# New LD in the House



## cambo1000 (Aug 13, 2004)

Greetings all!  

I stumbled across this forum recently while looking for reviews of Full Sail, which was very helpful I might add.

Name is Camron, living the Dallas/Fort Worth area, Texas (Irving actually for those of you that know and care)
I'm currently the lead light designer for my church of 3500, as well as doing everything else technical around the church.
I started running sound for the youth dept. when I was in 6 grade volunteer, worked my way up, and finally got hired on full time on staff earlier this year. 
During those years, I've gotten a lot of experience in design, install, running, and support of the entire AV field. I've designed and installed several complete audio, lighting, and video installations in multiple rooms. 
In our main sanctuary, we are running Clair Bros amps, a Paragon II with racks of your expected goodies and patchbays...blah blah balh...fun stuff!
ETC Expression 250 console (darn you only 24 subs!)
Full video rack consisting of stuff I know we need but have no idea what it is off the top of my head.
I've done many plays and concerts and shows here, all stretching my creative limits on how to entertain and impress on a limited budget and limited gear resources. 
My real passion is lighting although I tend to know all three areas fairly well. 
I love to help people, and solve problems so if I can help out this community in any way let me know. 
k thx bye


----------



## dust4sound (Aug 15, 2004)

hey its great to have another techie in the DFW area.
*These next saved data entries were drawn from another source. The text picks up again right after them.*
(* Let $e,f,g$ be the three edges at a vertex $v$, with $g$ the designated minimal edge at $v$ (so $e$ and $f$ are linked). Fix $\lambda(g)$ and the values of $\lambda$ on all edges other than $e,f$. Then $$\int\frac{d\lambda(e)\,d\lambda(f)}{\lambda(e)\lambda(f)}<2,$$ where the integral is over the set of $(\lambda(e),\lambda(f))\in(0,\infty)^2$ for which the resulting point lies in $\Delta_L$.
   Context: $\Gamma$ is a finite trivalent graph with edge set $E$. A linking choice $L$ assigns to each vertex one of its three edges, the designated minimal edge. $\Delta_L$ is the set of $\lambda\in(0,\infty)^E$ such that, at every vertex with edges $a,b,c$: - the triangle inequalities $\lambda(a)\le\lambda(b)+\lambda(c)$, $\lambda(b)\le\lambda(a)+\lambda(c)$, $\lambda(c)\le\lambda(a)+\lambda(b)$ hold, and - the designated minimal edge has $\lambda$-value at most those of the other two. *)

From HB Require Import structures.
From mathcomp Require Import all_boot all_order all_algebra.
From mathcomp Require Import all_classical all_reals all_analysis.
Set Implicit Arguments. Unset Strict Implicit. Unset Printing Implicit Defensive.
Import Order.TTheory GRing.Theory Num.Theory.
Local Open Scope ring_scope.

(* A finite trivalent (multi)graph, given by half-edges: [star v i] (i < 3)
   is the i-th edge at vertex v; every edge has exactly two half-edges. *)
Definition trivalent (V E : finType) (star : V -> 'I_3 -> E) : Prop :=
  forall e : E, #|[set p : V * 'I_3 | star p.1 p.2 == e]| = 2%N.

(* A linking choice is L : V -> 'I_3, the index at v of the designated minimal
   edge [star v (L v)]. *)

Definition DeltaL (R : realType) (V E : finType) (star : V -> 'I_3 -> E)
    (L : V -> 'I_3) : set (E -> R) :=
  [set lam | (forall x, 0 < lam x) /\
     forall v : V,
       let a := lam (star v 0) in
       let b := lam (star v 1) in
       let c := lam (star v 2) in
       [/\ a <= b + c, b <= a + c, c <= a + b &
           forall i : 'I_3, lam (star v (L v)) <= lam (star v i)]].

Definition upd2 (R : Type) (E : eqType) (lam0 : E -> R) (e f : E) (x y : R)
  : E -> R := fun d => if d == e then x else if d == f then y else lam0 d.

From HB Require Import structures.
From mathcomp Require Import all_boot all_order all_algebra.
From mathcomp Require Import all_classical all_reals all_analysis.
From mathcomp Require Import ring lra zify measurable_realfun.
Import Order.TTheory GRing.Theory Num.Theory.
Local Open Scope classical_set_scope.
Local Open Scope ring_scope.

(* At v the minimal edge g carries c := lam0 g, so the triangle inequalities
   and the minimality of g confine every admissible (x, y) to the strip
   c <= x, c <= y, |x - y| <= c.  By AM-GM, 1/(xy) <= 1/(2x^2) + 1/(2y^2).
   Cut the x-axis into intervals of length c/8 starting at c: on the n-th one
   1/(2x^2) is at most its value at the left end, and the y-section of the strip
   lies in an interval of length c (n + 17 - max(8, n)) / 8.  These step
   functions and their mirror images dominate 1/(xy) on the strip, and their
   integrals add up to sum_n (n + 17 - max(8, n)) / (n + 8)^2 <= 29/15 < 2. *)

(* Unlike [ge0_le_integral], no measurability of [D] or [f] is needed: the
   nonnegative integral is a supremum over simple functions below [f]. *)
Lemma le_integral_dominated {d} {T : measurableType d} {R : realType}
    (mu : {measure set T -> \bar R}) {D : set T} {f g : T -> \bar R} :
  (forall x, D x -> (0 <= f x)%E) -> (forall x, (0 <= g x)%E) ->
  (forall x, D x -> (f x <= g x)%E) ->
  (\int[mu]_(x in D) f x <= \int[mu]_x g x)%E.
Proof.
move=> f_ge0 g_ge0 fg.
rewrite ge0_integralE // ge0_integralTE //.
apply: ereal_sup_le => _ [h hf <-]; exists h => //= x.
apply: le_trans (hf x) _; rewrite /patch; case: ifP => [/set_mem Dx|_].
  exact: fg.
exact: g_ge0.
Qed.

Lemma measurable_scaled_indicX d1 d2 (T1 : measurableType d1)
    (T2 : measurableType d2) (R : realType) (A1 : set T1) (A2 : set T2) (k : R) :
  measurable A1 -> measurable A2 ->
  measurable_fun setT (fun p => (k * \1_(A1 `*` A2) p)%:E).
Proof.
move=> mA1 mA2; apply/measurable_EFinP; apply: measurable_funM.
  exact: measurable_cst.
by apply: measurable_indic; exact: measurableX mA1 mA2.
Qed.

Lemma integral_indicX d1 d2 (T1 : measurableType d1) (T2 : measurableType d2)
    (R : realType) (m1 : {measure set T1 -> \bar R})
    (m2 : {sigma_finite_measure set T2 -> \bar R}) (A1 : set T1) (A2 : set T2) (k : R) :
  measurable A1 -> measurable A2 -> 0 <= k ->
  (\int[m1 \x m2]_p (k * \1_(A1 `*` A2) p)%:E = k%:E * (m1 A1 * m2 A2))%E.
Proof.
move=> mA1 mA2 k_ge0.
have mA : measurable (A1 `*` A2) := measurableX mA1 mA2.
under eq_integral do rewrite EFinM.
rewrite ge0_integralZl_EFin //.
- by rewrite integral_indic // setIT; congr (_ * _)%E; exact: product_measure1E.
- by apply/measurable_EFinP; exact: measurable_indic.
Qed.

Lemma lee_nneseries_term {R : realType} {u : (\bar R)^nat} :
  (forall n, (0 <= u n)%E) -> forall k, (u k <= \sum_(n <oo) u n)%E.
Proof.
move=> u_ge0 k; rewrite (nneseriesD1 (n := k)) //.
by rewrite leeDl // nneseries_ge0.
Qed.

Lemma inv_mul_le_mean_inv_sqr (R : realFieldType) (x y : R) :
  0 < x -> 0 < y -> (x * y)^-1 <= (2 * x ^+ 2)^-1 + (2 * y ^+ 2)^-1.
Proof.
move=> x_gt0 y_gt0.
have -> : (2 * x ^+ 2)^-1 + (2 * y ^+ 2)^-1 =
          (x * y)^-1 + (x - y) ^+ 2 / (2 * x ^+ 2 * y ^+ 2).
  by field; rewrite !gt_eqF.
by rewrite lerDl divr_ge0 ?sqr_ge0 // !mulr_ge0 // ltW.
Qed.

Lemma triangle_ineq_perm {R : realDomainType} (s : 'I_3 -> R) :
  s 0 <= s 1 + s 2 -> s 1 <= s 0 + s 2 -> s 2 <= s 0 + s 1 ->
  forall p q r : 'I_3, p != q -> p != r -> q != r -> s p <= s q + s r.
Proof.
move=> h0 h1 h2.
have ord3 (k : 'I_3) : [\/ k = 0, k = 1 | k = 2].
  case: k => [[|[|[|k]]] lt_k3] //.
  - by apply: Or31; apply: val_inj.
  - by apply: Or32; apply: val_inj.
  - by apply: Or33; apply: val_inj.
move=> p q r.
by case: (ord3 p) => ->; case: (ord3 q) => ->; case: (ord3 r) => -> //= _ _ _; lra.
Qed.

Definition strip {R : realDomainType} (c : R) : set (R * R) :=
  [set p | [/\ 0 < c, c <= p.1, c <= p.2, p.1 <= p.2 + c & p.2 <= p.1 + c]].

Lemma DeltaL_upd2_strip (R : realType) (V E : finType) (star : V -> 'I_3 -> E)
    (L : V -> 'I_3) (v : V) (i j : 'I_3) (lam0 : E -> R) (x y : R) :
  star v i != star v j -> star v i != star v (L v) -> star v j != star v (L v) ->
  DeltaL star L (upd2 lam0 (star v i) (star v j) x y) ->
  strip (lam0 (star v (L v))) (x, y).
Proof.
move=> ij iL jL [lam_gt0 /(_ v) [t0 t1 t2 lam_min]].
set lam := upd2 _ _ _ _ _ in lam_gt0 t0 t1 t2 lam_min.
have lam_i : lam (star v i) = x by rewrite /lam /upd2 eqxx.
have lam_j : lam (star v j) = y by rewrite /lam /upd2 eq_sym (negbTE ij) eqxx.
have lam_L : lam (star v (L v)) = lam0 (star v (L v)).
  by rewrite /lam /upd2 eq_sym (negbTE iL) eq_sym (negbTE jL).
have neq_ord a b : star v a != star v b -> a != b by apply: contra => /eqP ->.
have ji : star v j != star v i by rewrite eq_sym.
have tri := triangle_ineq_perm (fun k => lam (star v k)) t0 t1 t2.
have := tri i j (L v) (neq_ord _ _ ij) (neq_ord _ _ iL) (neq_ord _ _ jL).
have := tri j i (L v) (neq_ord _ _ ji) (neq_ord _ _ jL) (neq_ord _ _ iL).
have := lam_min i; have := lam_min j; have := lam_gt0 (star v (L v)).
by rewrite lam_i lam_j lam_L /strip /=; split; lra.
Qed.

Section cell_mass.
Variable R : realFieldType.

Definition cell_mass (n : nat) : R :=
  ((n + 17)%N%:R - (maxn 8 n)%:R) / (n + 8)%N%:R ^+ 2.

Lemma cell_mass_ge0 n : 0 <= cell_mass n.
Proof.
rewrite divr_ge0 ?exprn_ge0 ?ler0n // subr_ge0 ler_nat geq_max.
by apply/andP; split; lia.
Qed.

Lemma sum_cell_mass_lt8 : \sum_(0 <= k < 8) cell_mass k <= 4 / 5.
Proof.
by rewrite /index_iota /= !big_cons big_nil /cell_mass /maxn /addn /addn_rec /=; lra.
Qed.

Lemma inv_sqr_le_telescope (x : R) :
  0 < x -> ((x + 1) ^+ 2)^-1 <= x^-1 - (x + 1)^-1.
Proof.
move=> x_gt0.
have -> : x^-1 - (x + 1)^-1 = ((x + 1) ^+ 2)^-1 + (x * (x + 1) ^+ 2)^-1.
  by field; rewrite !gt_eqF //; lra.
by rewrite lerDl invr_ge0 mulr_ge0 ?exprn_ge0 //; lra.
Qed.

(* For n >= 8, cell_mass n = 17/(n+8)^2 <= 17/(n+7) - 17/(n+8); together with
   the head bound 4/5 this gives 4/5 + 17/15 = 29/15. *)
Lemma sum_cell_mass_le_telescope N :
  \sum_(0 <= k < N + 8) cell_mass k <= 29 / 15 - 17 / (N%:R + 15).
Proof.
elim: N => [|N IH]; first by rewrite add0r; apply: le_trans sum_cell_mass_lt8 _; lra.
rewrite addSn big_nat_recr //=.
have -> : cell_mass (N + 8) = 17 / (N%:R + 16) ^+ 2.
  rewrite /cell_mass (maxn_idPr (leq_addl N 8)) !natrD.
  by congr (_ / _ ^+ 2); lra.
have := inv_sqr_le_telescope (N%:R + 15) (ltr_wpDl (ler0n _ _) (ltr0n _ 15)).
have -> : N%:R + 15 + 1 = N%:R + 16 :> R by lra.
have -> : N.+1%:R + 15 = N%:R + 16 :> R by rewrite -natr1; lra.
by move: IH; lra.
Qed.

Lemma sum_cell_mass_le N : \sum_(0 <= k < N) cell_mass k <= 29 / 15.
Proof.
apply: le_trans (_ : \sum_(0 <= k < N + 8) cell_mass k <= _).
  rewrite [leRHS](big_cat_nat (n := N)) ?leq_addr //= lerDl.
  by apply: sumr_ge0 => k _; apply: cell_mass_ge0.
apply: le_trans (sum_cell_mass_le_telescope N) _.
by rewrite lerBlDr lerDl divr_ge0.
Qed.

End cell_mass.

Lemma cell_mass_series_le (R : realType) :
  (\sum_(n <oo) (cell_mass R n)%:E <= (29 / 15)%:E)%E.
Proof.
apply: lime_le; first by apply: is_cvg_nneseries => n _ _; rewrite lee_fin cell_mass_ge0.
by apply: nearW => N /=; rewrite sumEFin lee_fin sum_cell_mass_le.
Qed.

Section strip_cover.
Context {R : realType}.
Implicit Types (c x y : R) (n : nat).

(* With steps of width c/4 instead of c/8 the final bound would exceed 2. *)
Definition step_itv c n : set R := `[c * (n + 8)%N%:R / 8, c * (n + 9)%N%:R / 8[.

Definition range_itv c n : set R := `[c * (maxn 8 n)%:R / 8, c * (n + 17)%N%:R / 8[.

Definition cell_height c n : R := (2 * (c * (n + 8)%N%:R / 8) ^+ 2)^-1.

Definition cell_fun c n (p : R * R) : \bar R :=
  ((cell_height c n * \1_(step_itv c n `*` range_itv c n) p)%:E +
   (cell_height c n * \1_(range_itv c n `*` step_itv c n) p)%:E)%E.

Lemma cell_height_ge0 c n : 0 <= cell_height c n.
Proof. by rewrite invr_ge0 mulr_ge0 ?sqr_ge0. Qed.

Lemma cell_fun_ge0 c n p : (0 <= cell_fun c n p)%E.
Proof. by rewrite adde_ge0 // lee_fin mulr_ge0 ?cell_height_ge0. Qed.

Lemma measurable_cell_fun c n : measurable_fun setT (cell_fun c n).
Proof.
by apply: emeasurable_funD; apply: measurable_scaled_indicX; exact: measurable_itv.
Qed.

Lemma measure_step_itv c n : 0 < c ->
  lebesgue_measure (step_itv c n) = (c / 8)%:E.
Proof.
move=> c_gt0; rewrite lebesgue_measure_itv /= lte_fin.
rewrite ifT; last by rewrite ltr_pM2r ?invr_gt0 // ltr_pM2l // ltr_nat; lia.
by rewrite -EFinD !natrD; congr EFin; field.
Qed.

Lemma measure_range_itv c n : 0 < c ->
  lebesgue_measure (range_itv c n) = (c * ((n + 17)%N%:R - (maxn 8 n)%:R) / 8)%:E.
Proof.
move=> c_gt0; rewrite lebesgue_measure_itv /= lte_fin.
rewrite ifT; last first.
  by rewrite ltr_pM2r ?invr_gt0 // ltr_pM2l // ltr_nat gtn_max; apply/andP; split; lia.
by rewrite -EFinD; congr EFin; field.
Qed.

Lemma integral_cell_fun c n : 0 < c ->
  (\int[(@lebesgue_measure R \x @lebesgue_measure R)%E]_p cell_fun c n p =
   (cell_mass R n)%:E)%E.
Proof.
move=> c_gt0.
have mstep : measurable (step_itv c n) by exact: measurable_itv.
have mrange : measurable (range_itv c n) by exact: measurable_itv.
rewrite ge0_integralD //; last 4 first.
- by move=> p _; rewrite lee_fin mulr_ge0 ?cell_height_ge0.
- exact: measurable_scaled_indicX.
- by move=> p _; rewrite lee_fin mulr_ge0 ?cell_height_ge0.
- exact: measurable_scaled_indicX.
rewrite !integral_indicX ?cell_height_ge0 //.
set len := c * ((n + 17)%N%:R - (maxn 8 n)%:R) / 8.
transitivity ((cell_height c n)%:E * ((c / 8)%:E * len%:E) +
              (cell_height c n)%:E * (len%:E * (c / 8)%:E))%E.
  by rewrite -(measure_step_itv c n c_gt0) -(measure_range_itv c n c_gt0).
rewrite -!EFinM -EFinD; congr EFin.
rewrite /len /cell_height /cell_mass; field.
by rewrite -natrD pnatr_eq0 addn_eq0 andbF gt_eqF.
Qed.

Lemma inv_sqr_le_cell_height c x n : 0 < c -> step_itv c n x ->
  (2 * x ^+ 2)^-1 <= cell_height c n.
Proof.
move=> c_gt0; rewrite /step_itv /= in_itv /= => /andP [lo_x _].
have lo_gt0 : 0 < c * (n + 8)%N%:R / 8.
  by rewrite divr_gt0 // mulr_gt0 // ltr0n addn_gt0 orbT.
have x_gt0 : 0 < x by lra.
rewrite /cell_height lef_pV2 ?posrE ?mulr_gt0 ?exprn_gt0 //.
by rewrite ler_pM2l // lerXn2r // nnegrE ltW.
Qed.

Lemma strip_sym {c x y} : strip c (x, y) -> strip c (y, x).
Proof. by case=> /= *; split. Qed.

Lemma strip_step_range {c x y} : strip c (x, y) ->
  exists n, step_itv c n x /\ range_itv c n y.
Proof.
case=> /= c_gt0 cx cy xy yx.
have u_ge0 : 0 <= 8 * x / c by rewrite divr_ge0 //; lra.
set m := Num.truncn (8 * x / c).
have /andP [m_le m_gt] := truncn_itv u_ge0.
rewrite -/m ler_pdivlMr // in m_le; rewrite -/m ltr_pdivrMr // -natr1 in m_gt.
have m_ge8 : (8 <= m)%N by rewrite truncn_ge_nat // ler_pdivlMr //; lra.
exists (m - 8)%N; rewrite /step_itv /range_itv /= !in_itv /=.
have -> : (m - 8 + 8 = m)%N by lia.
have -> : (m - 8 + 9 = m + 1)%N by lia.
have -> : (m - 8 + 17 = m + 9)%N by lia.
rewrite !natrD; split; apply/andP; split; [lra | lra | | lra].
have [le8 | _] := leqP 8 (m - 8); last by lra.
by rewrite natrB //; lra.
Qed.

Lemma inv_mul_le_cell_series c x y : strip c (x, y) ->
  (((x * y)^-1)%:E <= \sum_(n <oo) cell_fun c n (x, y))%E.
Proof.
move=> sxy; case: (sxy) => /= c_gt0 cx cy _ _.
have [n0 [x_n0 y_n0]] := strip_step_range sxy.
have [n1 [y_n1 x_n1]] := strip_step_range (strip_sym sxy).
have summand_ge0 (A : set (R * R)) n : (0 <= (cell_height c n * \1_A (x, y))%:E)%E.
  by rewrite lee_fin mulr_ge0 ?cell_height_ge0.
rewrite /cell_fun nneseriesD; [|by move=> *..].
apply: le_trans (_ : ((2 * x ^+ 2)^-1)%:E + ((2 * y ^+ 2)^-1)%:E <= _)%E.
  by rewrite -EFinD lee_fin inv_mul_le_mean_inv_sqr //; lra.
apply: leeD.
- apply: le_trans (lee_nneseries_term _ n0); last by move=> n; exact: summand_ge0.
  by rewrite indicE mem_set //= mulr1 lee_fin inv_sqr_le_cell_height.
- apply: le_trans (lee_nneseries_term _ n1); last by move=> n; exact: summand_ge0.
  by rewrite indicE mem_set //= mulr1 lee_fin inv_sqr_le_cell_height.
Qed.

Lemma integral_inv_mul_strip_lt2 c (D : set (R * R)) : D `<=` strip c ->
  (\int[(@lebesgue_measure R \x @lebesgue_measure R)%E]_(p in D)
     ((p.1 * p.2)^-1)%:E < 2%:E)%E.
Proof.
move=> D_strip; have [c_le0 | c_gt0] := lerP c 0.
  suff -> : D = set0 by rewrite integral_set0 lte_fin.
  by rewrite -subset0 => p /D_strip [c_gt0 _ _ _ _]; lra.
pose g p := (\sum_(n <oo) cell_fun c n p)%E.
apply: le_lt_trans
  (le_integral_dominated (lebesgue_measure \x lebesgue_measure)%E (g := g) _ _ _) _.
- by move=> [x y] /D_strip [_ cx cy _ _]; rewrite lee_fin invr_ge0 mulr_ge0 //; lra.
- by move=> p; apply: nneseries_ge0 => n _ _; exact: cell_fun_ge0.
- by move=> [x y] /D_strip; exact: inv_mul_le_cell_series.
rewrite integral_nneseries //; last 2 first.
- by move=> n; exact: measurable_cell_fun.
- by move=> n p _; exact: cell_fun_ge0.
rewrite (eq_eseriesr (fun n _ => integral_cell_fun c n c_gt0)).
by apply: le_lt_trans (cell_mass_series_le R) _; rewrite lte_fin; lra.
Qed.

End strip_cover.

Theorem mainTheorem9 (R : realType) (V E : finType) (star : V -> 'I_3 -> E)
  (L : V -> 'I_3) (v : V) (e f g : E) (lam0 : E -> R) :
  trivalent star ->
  e != f -> e != g -> f != g ->
  star v (L v) = g ->
  (exists i j : 'I_3, [/\ i != L v, j != L v, star v i = e & star v j = f]) ->
  (\int[(@lebesgue_measure R \x @lebesgue_measure R)%E]_(p in
      [set p : R * R | (0 < p.1)%R /\ (0 < p.2)%R /\
                       DeltaL star L (upd2 lam0 e f p.1 p.2)])
     ((p.1 * p.2)^-1)%R%:E < 2%:E)%E.
Proof.
move=> _ ef eg fg gL [i [j [_ _ ei fj]]]; subst e f g.
apply: (integral_inv_mul_strip_lt2 (lam0 (star v (L v)))) => -[x y] /= [_ [_]].
exact: DeltaL_upd2_strip.
Qed.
I'm in Denton.
Got my introduction to AV in 7th grade at church and took over with one of my friends. I do sound mainly, but I also do video and lighting.


----------



## dvsDave (Aug 15, 2004)

Hi cambo100,

I am your webmaster, dvsDave, and I just wanted to welcome you to the CB community! Many people here started out doing tech in churches. I know I did. Like dust4sound, it was in 7th grade too!! Looks like you've got a pretty diverse technical backround! Hope to see you around the forums often!

-dvsDave


----------